# Prepping for new tegu!



## Tiarette (Feb 13, 2022)

Hello everyone, 
My husband and I are trying to prep for an upcoming addition to our family. We're looking into a black and white. We've done a ton of research for what we could and are ready to start getting the enclosure(s) set up prior to purchasing to make sure we can get all the parameters correct before bringing our new addition home.
We have ordered an 96x48x48 that has several week lead times but are also setting up a 46x18x18 for the baby until the main enclosure gets shipped in.

*My main questions:*
Is 46x18x18 too small for a temporary enclosure for a baby?

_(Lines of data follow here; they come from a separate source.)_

Lemma cocycle_id C n : cocycle C n n = 1%:M.
Proof. by rewrite /cocycle leqnn subnn. Qed.

Lemma cocycle_succ C n : cocycle C n.+1 n = C n.
Proof. by rewrite /cocycle leqnSn subSnn /= addn0 mulmx1. Qed.

Section Fundamental.
Variables (C Psi : nat -> 'M[R]_d) (k0 : nat).
Hypothesis Psi_unit : forall k, (k0 <= k)%N -> Psi k \in unitmx.
Hypothesis C_Psi : forall k, (k0 <= k)%N -> C k = Psi k.+1 *m invmx (Psi k).

Lemma cocycle_fundamental m n : (k0 <= m)%N -> (k0 <= n)%N ->
  cocycle C m n = Psi m *m invmx (Psi n).
Proof.
have fwd j k : (k0 <= j)%N -> cfwd C j k = Psi (j + k)%N *m invmx (Psi j).
  move=> hn; elim: k => [|k IH] /=; first by rewrite addn0 mulmxV ?Psi_unit.
  have hnk : (k0 <= j + k)%N by rewrite (leq_trans hn) ?leq_addr.
  by rewrite IH C_Psi // mulmxA mulmxKV ?Psi_unit // addnS.
have bwd j k : (k0 <= j)%N -> cbwd C j k = Psi j *m invmx (Psi (j + k)%N).
  move=> hm; elim: k => [|k IH] /=; first by rewrite addn0 mulmxV ?Psi_unit.
  have hmk : (k0 <= j + k)%N by rewrite (leq_trans hm) ?leq_addr.
  rewrite IH C_Psi // invmxM ?unitmx_inv ?Psi_unit ?(leq_trans hmk) //.
  by rewrite invmxK mulmxA mulmxKV ?Psi_unit // addnS.
move=> hm hn; rewrite /cocycle; case: leqP => h; first by rewrite fwd // subnKC.
by rewrite bwd // subnKC // ltnW.
Qed.

Lemma cocycle_trans m k n : (k0 <= m)%N -> (k0 <= k)%N -> (k0 <= n)%N ->
  cocycle C m k *m cocycle C k n = cocycle C m n.
Proof.
by move=> hm hk hn; rewrite !cocycle_fundamental // mulmxA mulmxKV ?Psi_unit.
Qed.

Lemma cocycle_invariant P :
  (forall k, (k0 <= k)%N -> C k *m P k = P k.+1 *m C k) ->
  forall m n, (k0 <= m)%N -> (k0 <= n)%N ->
  cocycle C m n *m P n = P m *m cocycle C m n.
Proof.
move=> hP.
pose conjP k := invmx (Psi k) *m P k *m Psi k.
have conjP_const k : (k0 <= k)%N -> conjP k = conjP k0.
  move=> /subnKC <-; elim: (k - k0)%N => [|i IH]; first by rewrite addn0.
  have hk : (k0 <= k0 + i)%N by rewrite leq_addr.
  rewrite -IH /conjP addnS; set j := (k0 + i)%N.
  have PsiS : P j.+1 *m Psi j.+1 = Psi j.+1 *m (invmx (Psi j) *m P j *m Psi j).
    rewrite -{1}(mulmxKV (Psi_unit hk) (Psi j.+1)) -C_Psi // mulmxA -hP //.
    by rewrite C_Psi // !mulmxA.
  by rewrite -mulmxA PsiS mulmxA mulVmx ?Psi_unit ?(leq_trans hk) // mul1mx.
move=> m n hm hn; rewrite !cocycle_fundamental //.
have PE k : (k0 <= k)%N -> P k = Psi k *m conjP k *m invmx (Psi k).
  by move=> hk; rewrite /conjP !mulmxA mulmxV ?Psi_unit // mul1mx mulmxK ?Psi_unit.
by rewrite (PE n) // (PE m) // (conjP_const n) // (conjP_const m) // !mulmxA
  !mulmxKV ?Psi_unit.
Qed.

End Fundamental.

(* [fundamental A k] is A(k,1) for k >= 1; its value at k = 0 is irrelevant. *)
Definition fundamental A k := cfwd A 1 k.-1.

Definition dyadic A j := cocycle A (2 ^ j.+1) (2 ^ j).

Section FundamentalMatrix.
Variable A : nat -> 'M[R]_d.
Hypothesis A_unit : forall n, (1 <= n)%N -> A n \in unitmx.

Lemma fundamental_unit k : (0 < k)%N -> fundamental A k \in unitmx.
Proof.
elim: k => // [[_ _|k IH _]]; first by rewrite unitmx1.
by rewrite /fundamental /= unitmx_mul A_unit ?IH.
Qed.

Lemma fundamentalE k : (0 < k)%N -> A k = fundamental A k.+1 *m invmx (fundamental A k).
Proof.
case: k => // k _.
rewrite [fundamental A k.+2]/fundamental /= -/(fundamental A k.+1).
by rewrite mulmxK ?fundamental_unit.
Qed.

Lemma cocycleE m n : (0 < m)%N -> (0 < n)%N ->
  cocycle A m n = fundamental A m *m invmx (fundamental A n).
Proof. exact: (cocycle_fundamental (k0 := 1) fundamental_unit fundamentalE). Qed.

Lemma dyadic_fundamental_unit j : fundamental A (2 ^ j) \in unitmx.
Proof. by rewrite fundamental_unit ?expn_gt0. Qed.

Lemma dyadicE j : dyadic A j = fundamental A (2 ^ j.+1) *m invmx (fundamental A (2 ^ j)).
Proof. by rewrite /dyadic cocycleE ?expn_gt0. Qed.

Lemma cocycle_dyadic m n : cocycle (dyadic A) m n = cocycle A (2 ^ m) (2 ^ n).
Proof.
rewrite (cocycle_fundamental (k0 := 0) (fun j _ => dyadic_fundamental_unit j)
  (fun j _ => dyadicE j)) //.
by rewrite cocycleE ?expn_gt0.
Qed.

End FundamentalMatrix.
End Cocycles.

Lemma is_norm_ge0 (R : realType) d (N : 'cV[R]_d -> R) x : is_norm N -> 0 <= N x.
Proof.
case=> _ hZ hD; have N0 : N 0 = 0 by rewrite -(scale0r x) hZ normr0 mul0r.
have NN : N (- x) = N x by rewrite -scaleN1r hZ normrN normr1 mul1r.
by have := hD x (- x); rewrite subrr N0 NN; lra.
Qed.

Lemma le_chain3 (R : numDomainType) (X Y Z V al be ga T : R) :
  0 <= al -> 0 <= be -> 0 <= V -> al * be * ga <= T ->
  X <= al * Y -> Y <= be * Z -> Z <= ga * V -> X <= T * V.
Proof.
move=> al0 be0 V0 hT hX hY hZ; apply: (le_trans hX).
apply: (le_trans (ler_wpM2l al0 hY)); rewrite mulrA.
by apply: (le_trans (ler_wpM2l (mulr_ge0 al0 be0) hZ)); rewrite mulrA ler_wpM2r.
Qed.

Section DyadicScale.
Variable R : realType.

Lemma ln2_gt0 : 0 < ln (2 : R).
Proof. by apply: ln_gt0; lra. Qed.

Lemma powR_dyadic (m n : nat) (c : R) : (n <= m)%N ->
  powR ((2 ^ m)%:R / (2 ^ n)%:R) c = expR (c * ln 2 * (m - n)%:R).
Proof.
move=> h; rewrite -(subnKC h) addKn expnD natrM mulrAC mulfV; last first.
  by rewrite pnatr_eq0 -lt0n expn_gt0.
rewrite mul1r /powR gt_eqF ?ltr0n ?expn_gt0 //.
by rewrite natrX lnXn // -[_ *+ _]mulr_natr mulrA.
Qed.

Lemma powR_dyadic_block_le (q m : nat) (c : R) : 0 <= c ->
  (2 ^ q <= m < 2 ^ q.+1)%N -> powR (m%:R / (2 ^ q)%:R) c <= powR 2 c.
Proof.
move=> c0 /andP[hq1 hq2]; have q0 : (0 : R) < (2 ^ q)%:R by rewrite ltr0n expn_gt0.
apply: ge0_ler_powR; rewrite ?nnegrE ?divr_ge0 ?ler0n //.
by rewrite ler_pdivrMr // -natrM ler_nat -expnS ltnW.
Qed.

Lemma expR_dyadic_gap_le (lam : R) (m n p q : nat) : 0 < lam ->
  (2 ^ p <= n)%N -> (n <= m)%N -> (m < 2 ^ q.+1)%N ->
  expR (- lam * (q - p)%:R) <= expR lam * powR (m%:R / n%:R) (- (lam / ln 2)).
Proof.
move=> lam0 hpn hnm hmq.
have hpq : (p <= q)%N.
  rewrite -ltnS -(ltn_exp2l _ _ (isT : (1 < 2)%N)).
  by rewrite (leq_ltn_trans hpn) ?(leq_ltn_trans hnm).
have n0 : (0 < n)%N by rewrite (leq_trans _ hpn) ?expn_gt0.
have n0' : (0 : R) < n%:R by rewrite ltr0n.
have m0' : (0 : R) < m%:R by rewrite ltr0n (leq_trans n0 hnm).
have L := ln2_gt0.
have ln_m : ln (m%:R : R) <= ln 2 * q.+1%:R.
  rewrite mulr_natr -lnXn; last lra.
  by rewrite ler_ln ?posrE ?exprn_gt0 // -natrX ler_nat ltnW.
have ln_n : ln 2 * p%:R <= ln (n%:R : R).
  rewrite mulr_natr -lnXn; last lra.
  by rewrite ler_ln ?posrE ?exprn_gt0 // -natrX ler_nat.
rewrite /powR gt_eqF ?divr_gt0 // -expRD ler_expR ln_div ?posrE //.
set t := (ln (m%:R : R) - ln n%:R) / ln 2.
have ht : t <= q.+1%:R - p%:R by rewrite /t ler_pdivrMr //; lra.
have -> : - (lam / ln 2) * (ln m%:R - ln n%:R) = - (lam * t).
  by rewrite /t mulrA mulNr mulrAC.
have : lam * t <= lam * (q.+1%:R - p%:R) by rewrite ler_pM2l.
by rewrite natrB // -addn1 natrD; lra.
Qed.

Lemma dyadic_index n : (0 < n)%N ->
  (2 ^ trunc_log 2 n <= n < 2 ^ (trunc_log 2 n).+1)%N.
Proof. by move=> n0; rewrite trunc_logP ?trunc_log_ltn. Qed.

End DyadicScale.

Lemma poly_to_dyadic_dichotomy (R : realType) d (N : nat -> 'cV[R]_d -> R)
    (A : nat -> 'M[R]_d) :
  (forall n, (1 <= n)%N -> A n \in unitmx) -> strong_poly_dichotomy A N ->
  strong_exp_dichotomy (dyadic A) (fun n => N (2 ^ n)%N).
Proof.
move=> A_unit [K [a [lam [P [[K_gt0 lam_gt0 lam_le P_proj P_invariant] bounds]]]]].
have ln2_pos := @ln2_gt0 R.
exists K, (a * ln 2), (lam * ln 2), (fun j => P (2 ^ j)%N); split.
  split => //; first by rewrite mulr_gt0.
  - by rewrite ler_wpM2r ?(ltW ln2_pos).
  - by move=> j; apply: P_proj; rewrite expn_gt0.
  - move=> j; rewrite /dyadic.
    by rewrite (cocycle_invariant (fundamental_unit A_unit) (fundamentalE A_unit))
      ?expn_gt0.
move=> m n hnm x; rewrite !(cocycle_dyadic A_unit).
have [] := bounds _ _ (expn_gt0 2 n) (@leq_pexp2l 2 _ _ isT hnm) x.
by rewrite !powR_dyadic // !mulNr.
Qed.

is the T5 10.0 zoo med optimal UVB? Also should I put multiple UVBs in the 96x48x48 to cover the entire enclosure or just near the basking area? Also how low should I mount it so s/he couldn't harm itself but still receive the proper amount of uvb. I've read varying info and wanted to get more opinions. 

Is 1/1/1 Cyprus mulch/soil/coconut coir or 50/50 cyprus mulch/coconut coir appropriate substrate for maintaining good humidity and allow proper burrowing?

Should I invest in a humidifier/fogger? Waterfall-esk water bowl, pool or just spray the substrate?

Basking spot temps. I've heard anywhere from 95-130. What's too hot? whats too cool?


Money is not an issue at this time. I'm up for any critiques and please, please any information from seasoned keepers would be extremely helpful! Any brands to buy or avoid would be awesome as well! This is our first large reptile and I want them living their best, healthiest life that we can give them! I apologize if these questions have been asked 10x over but with so much information out there my head is spinning.


----------



## Iris000 (Feb 18, 2022)

these are good questions I'm also new here and I'm trying to get some info on the black and white tegu because I want to get one I have two lizards right now a bearded dragon and a green anole


----------